Start of EXERCISE DATA

(* Let $n,m,n_f,\ell\in\mathbb{N}$, let $0\leq w<1$ be a number representable with $n$ bits of which the first $m$ are its integer part, and let $f\in[0,1]$ be given with $n_f$ bits after the binary point. Then the value $\hat{t}$ returned by Algorithm FractionalPower2$(w,f,n,m,n_f,\ell)$ (described in the context), which performs its final arithmetic with $b=\max\{n,n_f,\lceil 2\ell+6m+2\ln n_f\rceil,40\}$ bits after the binary point, satisfies $$|\hat{t}-w^f|\leq\frac{1}{2^{\ell-3}}.$$
   Context: Fixed precision representation: a number $w\ge 0$ ''given by $n$ bits of which the first $m$ correspond to its integer part'' means $w=\sum_{j=m-n}^{m-1} w^{(j)}2^j$ with $w^{(j)}\in\{0,1\}$. For $x\geq 0$, ''truncating $x$ to $b$ bits after the binary point'' means replacing $x$ by $\lfloor 2^b x\rfloor/2^b$. All arithmetic inside a step is performed exactly; only the stated truncations introduce error. For $c\ge 0$, $\{c\}=c-\lfloor c\rfloor$. Algorithm INV$(w,n,m,b)$ (input $w\ge1$): if $w=1$ return $1$. Otherwise let $p\in\mathbb{N}$ with $2^p>w\geq 2^{p-1}$, $\hat{x}_0=2^{-p}$, $s=\lceil\log_2 b\rceil$; for $i=1,\dots,s$ compute exactly $x_i=-w\hat{x}_{i-1}^2+2\hat{x}_{i-1}$ and let $\hat{x}_i$ be $x_i$ truncated to $b$ bits. Return $\hat{x}_s$. Algorithm SQRT$(w,n,m,b)$ (input $w\geq 1$): if $w=1$, return $1$. Otherwise compute $\hat{x}_s$ exactly as in the loop of INV$(w,n,m,b)$ (with $s=\lceil\log_2 b\rceil$); let $q\in\mathbb{N}$ with $2^{1-q}>\hat{x}_s\geq 2^{-q}$ and set $\hat{y}_0=2^{\lfloor (q-1)/2\rfloor}$; for $j=1,\dots,s$ compute exactly $y_j=\frac12(3\hat{y}_{j-1}-\hat{x}_s\hat{y}_{j-1}^3)$ and let $\hat{y}_j$ be $y_j$ truncated to $b$ bits. Return $\hat{y}_s$. Algorithm PowerOf2Roots$(w,k,n,m,b)$: set $\hat{z}_1=$ SQRT$(w,n,m,b)$; for $i=2,\dots,k$ set $\hat{z}_i=$ SQRT$(\hat{z}_{i-1},m+b,m,b)$. Return $\hat{z}_1,\dots,\hat{z}_k$. Algorithm FractionalPower$(w,f,n,m,n_f,\ell)$ (input $w\geq1$, $f=\sum_{i=1}^{n_f}f_i2^{-i}$ or $f=1$, bits $f_i\in\{0,1\}$): set $b=\max\{n,n_f,\lceil 5(\ell+2m+\ln n_f)\rceil,40\}$. If $f=1$ return $w$; if $f=0$ return $1$. Let $\hat{w}_1,\dots,\hat{w}_{n_f}$ be the outputs of PowerOf2Roots$(w,n_f,n,m,b)$. Set $\hat{z}=1$; for $i=1,\dots,n_f$, if $f_i=1$ replace $\hat{z}$ by $\hat{z}\hat{w}_i$ truncated to $b$ bits. Return $\hat{z}$. Algorithm FractionalPower2$(w,f,n,m,n_f,\ell)$ (input $0\le w<1$, $f\in[0,1]$ with $n_f$ fractional bits): set $b=\max\{n,n_f,\lceil 2\ell+6m+2\ln n_f\rceil,40\}$. If $w=0$ return $0$; if $f=1$ return $w$; if $f=0$ return $1$. Let $k$ be the positive integer with $2^kw\geq 1>2^{k-1}w$ and set $x=2^kw$ (exact shift). Set $c=kf$ (exact). Let $\hat{z}=$ FractionalPower$(x,f,n,m,n_f,\ell)$, $\hat{y}=$ FractionalPower$(2,\{c\},n,m,n_f,\ell)$, $\hat{s}=$ INV$(\hat{y},n,1,2\ell)$, $v=2^{-\lfloor c\rfloor}\hat{z}$ (exact shift), and let $\hat{t}$ be $v\hat{s}$ truncated to $b$ bits after the binary point. Return $\hat{t}$. *)

From Stdlib Require Import Reals ZArith.
Open Scope R_scope.

Definition Rfloorz (x : R) : Z := Int_part x.
Definition Rceilz (x : R) : Z := (- Int_part (- x))%Z.
Definition Rfrac (x : R) : R := x - IZR (Rfloorz x).

Definition flog2 (x : R) : Z := Rfloorz (ln x / ln 2).

Definition trunc (b : nat) (x : R) : R := IZR (Rfloorz (2 ^ b * x)) / 2 ^ b.

(* s = ceil(log2 b) (with the convention s = 0 for b = 0) *)
Definition nsteps (b : nat) : nat := Nat.log2_up b.

Fixpoint bsum (g : nat -> R) (n : nat) : R :=
  match n with O => 0 | S k => bsum g k + g k end.

(* The loop of INV(w,n,m,b): p with 2^p > w >= 2^(p-1), x0 = 2^-p,
   x_i = trunc_b(-w x_{i-1}^2 + 2 x_{i-1}), i = 1..s. *)
Definition inv_loop (w : R) (b : nat) : R :=
  let p := (flog2 w + 1)%Z in
  Nat.iter (nsteps b) (fun x => trunc b (- w * x ^ 2 + 2 * x)) (powerRZ 2 (- p)).

(* INV(w,n,m,b); n and m only describe the input format. *)
Definition INV (w : R) (b : nat) : R :=
  if Req_EM_T w 1 then 1 else inv_loop w b.

Definition SQRT (w : R) (b : nat) : R :=
  if Req_EM_T w 1 then 1 else
  let xs := inv_loop w b in
  let q := (- flog2 xs)%Z in            (* 2^(1-q) > xs >= 2^(-q) *)
  let y0 := powerRZ 2 ((q - 1) / 2)%Z in
  Nat.iter (nsteps b) (fun y => trunc b ((3 * y - xs * y ^ 3) / 2)) y0.

(* PowerOf2Roots: root_hat w b i = \hat z_{i+1}, i.e. root_hat w b 0 = \hat z_1. *)
Fixpoint root_hat (w : R) (b : nat) (i : nat) : R :=
  match i with
  | O => SQRT w b
  | S j => SQRT (root_hat w b j) b
  end.

Definition fbit (f : R) (i : nat) : bool := Z.odd (Rfloorz (2 ^ i * f)).

Definition FractionalPower (w f : R) (n m nf l : nat) : R :=
  let b := Nat.max (Nat.max n nf)
             (Nat.max (Z.to_nat (Rceilz (5 * (INR l + 2 * INR m + ln (INR nf))))) 40) in
  if Req_EM_T f 1 then w else
  if Req_EM_T f 0 then 1 else
  (* loop i = 1..n_f; step j handles i = j+1, using \hat w_{j+1} = root_hat w b j *)
  let fix loop (j : nat) (z : R) : R :=
    match j with
    | O => z
    | S j' => let z' := loop j' z in
              if fbit f (S j') then trunc b (z' * root_hat w b j') else z'
    end in
  loop nf 1.

Definition FractionalPower2 (w f : R) (n m nf l : nat) : R :=
  let b := Nat.max (Nat.max n nf)
             (Nat.max (Z.to_nat (Rceilz (2 * INR l + 6 * INR m + 2 * ln (INR nf)))) 40) in
  if Req_EM_T w 0 then 0 else
  if Req_EM_T f 1 then w else
  if Req_EM_T f 0 then 1 else
  let k := (- flog2 w)%Z in           (* 2^k w >= 1 > 2^(k-1) w *)
  let x := powerRZ 2 k * w in
  let c := IZR k * f in
  let zh := FractionalPower x f n m nf l in
  let yh := FractionalPower 2 (Rfrac c) n m nf l in
  let sh := INV yh (2 * l) in
  let v := powerRZ 2 (- Rfloorz c) * zh in
  trunc b (v * sh).

(* real power w^f for w >= 0; convention 0^f = 0 *)
Definition rpow (w f : R) : R := if Rlt_dec 0 w then Rpower w f else 0.

(* w >= 0 given by n bits of which the first m are its integer part *)
Definition fixed_repr (w : R) (n m : nat) : Prop :=
  exists wb : nat -> bool,
    w = bsum (fun j => if wb j then powerRZ 2 (Z.of_nat j + Z.of_nat m - Z.of_nat n) else 0) n.

(* f = sum_{i=1}^{n_f} f_i 2^-i  or  f = 1 *)
Definition frac_repr (f : R) (nf : nat) : Prop :=
  (exists fb : nat -> bool,
     f = bsum (fun i => if fb i then / 2 ^ (S i) else 0) nf) \/ f = 1.

From Stdlib Require Import Reals ZArith Lia Lra Psatz.
Open Scope R_scope.

(* All errors are measured on a logarithmic scale.  A truncation to b bits, as well as a
   Newton iteration for 1/w or 1/sqrt w (whose error squares at each step, so ceil(log2 b)
   steps reach accuracy 2^-b), moves logarithms by O(2^-b).  SQRT halves the error it
   inherits, so every iterated root w^(2^-i) has logarithmic error O(2^-b), and the product
   over the bits of f has logarithmic error O(n_f 2^-b) <= 2^-l/10 by the choice of b.
   FractionalPower2 rescales w to x = 2^k w in [1,2) and writes
   w^f = 2^(-floor c) x^f / 2^{c} with c = k f; its output is therefore
   w^f e^th (1 - es) up to a last truncation, where |th| <= 2^-l/5 and es is the error of
   INV at 2l bits. *)

(** * Floors, truncation and elementary bounds *)

Lemma Rfloorz_bounds (x : R) : IZR (Rfloorz x) <= x < IZR (Rfloorz x) + 1.
Proof. unfold Rfloorz. destruct (base_Int_part x). lra. Qed.

Lemma Rfloorz_unique (x : R) (z : Z) : IZR z <= x < IZR z + 1 -> Rfloorz x = z.
Proof.
  intros [H1 H2]. unfold Rfloorz, Int_part.
  assert (z + 1 = up x)%Z by (apply tech_up; rewrite plus_IZR; lra). lia.
Qed.

Lemma Rfloorz_IZR (z : Z) : Rfloorz (IZR z) = z.
Proof. apply Rfloorz_unique. lra. Qed.

Lemma Rfloorz_nonneg (x : R) : 0 <= x -> (0 <= Rfloorz x)%Z.
Proof.
  intros Hx. destruct (Rfloorz_bounds x).
  assert (Hlt : IZR (-1) < IZR (Rfloorz x)) by lra. apply lt_IZR in Hlt. lia.
Qed.

Lemma pow2_pos (b : nat) : 0 < 2 ^ b.
Proof. apply pow_lt; lra. Qed.

Lemma Rinv_pow2_pos (b : nat) : 0 < / 2 ^ b.
Proof. apply Rinv_0_lt_compat, pow2_pos. Qed.

Lemma Rinv_pow2_le (a c : nat) : (a <= c)%nat -> / 2 ^ c <= / 2 ^ a.
Proof. intros. apply Rinv_le_contravar; [apply pow2_pos | apply Rle_pow; lra || auto]. Qed.

Lemma Rinv_pow2_40 (b : nat) : (40 <= b)%nat -> / 2 ^ b <= 1 / 1099511627776.
Proof.
  intros Hb. replace (1 / 1099511627776) with (/ 2 ^ 40) by (simpl; field).
  now apply Rinv_pow2_le.
Qed.

Lemma Rabs_le_inv (y c : R) : Rabs y <= c -> - c <= y <= c.
Proof. unfold Rabs. destruct (Rcase_abs y); lra. Qed.

Lemma trunc_bounds (b : nat) (x : R) : x - / 2 ^ b < trunc b x <= x.
Proof.
  unfold trunc. pose proof (pow2_pos b). destruct (Rfloorz_bounds (2 ^ b * x)).
  set (z := IZR (Rfloorz (2 ^ b * x))) in *. split.
  - apply (Rmult_lt_reg_l (2 ^ b)); auto.
    replace (2 ^ b * (z / 2 ^ b)) with z by (field; lra).
    rewrite Rmult_minus_distr_l, Rinv_r; lra.
  - apply (Rmult_le_reg_l (2 ^ b)); auto.
    replace (2 ^ b * (z / 2 ^ b)) with z by (field; lra). lra.
Qed.

Lemma trunc_nonneg (b : nat) (x : R) : 0 <= x -> 0 <= trunc b x.
Proof.
  intros Hx. unfold trunc, Rdiv. pose proof (pow2_pos b).
  apply Rmult_le_pos; [apply IZR_le, Rfloorz_nonneg; nra | left; apply Rinv_pow2_pos].
Qed.

Lemma ln_le (x y : R) : 0 < x -> x <= y -> ln x <= ln y.
Proof. intros Hx [Hxy | <-]; [left; now apply ln_increasing | lra]. Qed.

Lemma exp_le (x y : R) : x <= y -> exp x <= exp y.
Proof. intros [Hxy | <-]; [left; now apply exp_increasing | lra]. Qed.

Lemma ln_one_minus_bounds (u : R) : 0 <= u <= 1/2 -> -2 * u <= ln (1 - u) <= 0.
Proof.
  intros Hu. split.
  - rewrite <- (ln_exp (-2 * u)). apply ln_le; [apply exp_pos |].
    pose proof (exp_ineq1_le (2 * u)). pose proof (exp_pos (-2 * u)).
    assert (exp (-2 * u) * exp (2 * u) = 1)
      by (rewrite <- exp_plus, <- exp_0; f_equal; ring).
    nra.
  - rewrite <- ln_1. apply ln_le; lra.
Qed.

Lemma Rabs_exp_sub1_le (t : R) : Rabs t <= 1/2 -> Rabs (exp t - 1) <= 2 * Rabs t.
Proof.
  intros Ht%Rabs_le_inv. pose proof (exp_ineq1_le t). pose proof (exp_ineq1_le (-t)).
  assert (exp t * exp (-t) = 1) by (rewrite <- exp_plus, <- exp_0; f_equal; ring).
  pose proof (exp_pos t). pose proof (exp_pos (-t)).
  destruct (Rle_dec 0 t).
  - rewrite !Rabs_right by nra. nra.
  - rewrite !Rabs_left1 by nra. lra.
Qed.

Lemma ln2_pos : 0 < ln 2.
Proof. pose proof ln_lt_2. lra. Qed.
Lemma two_disjoint_P3 : exists P1 P2, [/\ isP3 G P1, isP3 G P2,
  [disjoint tverts P1 & tverts P2], tverts P1 \subset b |: V & tverts P2 \subset b |: V].
Proof.
(* With N(a) = {b, p, q} and V = {a, p, q, r, s}: a path on r, s and one of p, q, then b-a-o. *)
have Gs := G32.1.
have /cards2P[p [q [pq Na]]] : #|nbrs G a :\ b| == 2.
  by move: da; rewrite degE (cardsD1 b) in_nbrs ab add1n => -[->].
have PQ x : x \in [set p; q] -> [/\ adj G a x, x != b & x \in V].
  rewrite -Na => /setD1P[xb]; rewrite in_nbrs => ax; split => //.
  by have := subsetP (nbrsV aV) x; rewrite in_nbrs ax !inE (negbTE xb); apply.
have aPQ : a \notin [set p; q] by apply/negP => /PQ[]; rewrite adj_irr.
have /cards2P[r [s [rs Rs]]] : #|V :\: [set a; p; q]| == 2.
  have [[_ _ pV] [_ _ qV]] := (PQ p (set21 p q), PQ q (set22 p q)).
  rewrite cardsD cardV (setIidPr _) ?cards3 //; last by rewrite !subUset !sub1set aV pV qV.
    by apply: contraNneq aPQ => ->; rewrite set21.
  by apply: contraNneq aPQ => ->; rewrite set22.
have RS x : x \in [set r; s] -> [/\ x \in V, x != a & x \notin [set p; q]].
  by rewrite -Rs !inE !negb_or => /andP[/andP[/andP[-> ->] ->] ->].
have nbrsRS : {in [set r; s], forall x, nbrs G x \subset [set p; q] :|: [set r; s]}.
  move=> x /RS[xV xa xPQ]; apply: subset_trans (nbrs_far xV xa _) _.
    by apply: contra xPQ => ax; rewrite -Na !inE ax andbT; apply: contraNneq bV => <-.
  apply/subsetP => y /setD1P[ya yV]; rewrite -Rs !inE yV (negbTE ya) /= andbT.
  by rewrite orbN.
have RSG : {in [set r; s], forall x, x \in gV G}.
  by move=> x /RS[xV _ _]; apply: (subsetP VG).
have [n nPQ [P1 P1G P1RS]] := P3_in_pair pq rs nbrsRS RSG.
have [o oPQ on] : exists2 o, o \in [set p; q] & o != n.
  by case/set2P: nPQ => ->; [exists q|exists p]; rewrite ?inE ?eqxx ?orbT // eq_sym.
have [[ao ob oV] [_ _ nV]] := (PQ o oPQ, PQ n nPQ).
have [[rV ra rPQ] [sV sa sPQ]] := (RS r (set21 r s), RS s (set22 r s)).
have RSnV : [set r; s; n] \subset V by rewrite !subUset !sub1set rV sV nV.
exists P1, (b, a, o); split => //.
- by apply: isP3_path; rewrite // 1?adj_sym // eq_sym.
- rewrite disjoint_sym; apply: (disjointWr P1RS).
  rewrite disjoints_subset !subUset !sub1set !in_setC (contra (subsetP RSnV b) bV).
  have notPQ x y : x \in [set p; q] -> y \notin [set p; q] -> x != y.
    by move=> xPQ; apply: contraNneq => <-.
  rewrite !inE !negb_or !(eq_sym a) ra sa (notPQ _ _ nPQ aPQ).
  by rewrite (notPQ _ _ oPQ rPQ) (notPQ _ _ oPQ sPQ) on.
- exact: subset_trans P1RS (subset_trans RSnV (subsetUr _ _)).
- by rewrite !subUset !sub1set !in_setU1 eqxx aV oV !orbT.
Qed.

End of EXERCISE DATA

[TASK STATEMENT] Could you write out, exactly as they stand, only the lines above that begin at the line with "exists wb : nat" and stop after the line with "(** * Floors, truncation"?

[SOLUTION FOR THIS PROBLEM]
  exists wb : nat -> bool,
    w = bsum (fun j => if wb j then powerRZ 2 (Z.of_nat j + Z.of_nat m - Z.of_nat n) else 0) n.

(* f = sum_{i=1}^{n_f} f_i 2^-i  or  f = 1 *)
Definition frac_repr (f : R) (nf : nat) : Prop :=
  (exists fb : nat -> bool,
     f = bsum (fun i => if fb i then / 2 ^ (S i) else 0) nf) \/ f = 1.

From Stdlib Require Import Reals ZArith Lia Lra Psatz.
Open Scope R_scope.

(* All errors are measured on a logarithmic scale.  A truncation to b bits, as well as a
   Newton iteration for 1/w or 1/sqrt w (whose error squares at each step, so ceil(log2 b)
   steps reach accuracy 2^-b), moves logarithms by O(2^-b).  SQRT halves the error it
   inherits, so every iterated root w^(2^-i) has logarithmic error O(2^-b), and the product
   over the bits of f has logarithmic error O(n_f 2^-b) <= 2^-l/10 by the choice of b.
   FractionalPower2 rescales w to x = 2^k w in [1,2) and writes
   w^f = 2^(-floor c) x^f / 2^{c} with c = k f; its output is therefore
   w^f e^th (1 - es) up to a last truncation, where |th| <= 2^-l/5 and es is the error of
   INV at 2l bits. *)

(** * Floors, truncation and elementary bounds *)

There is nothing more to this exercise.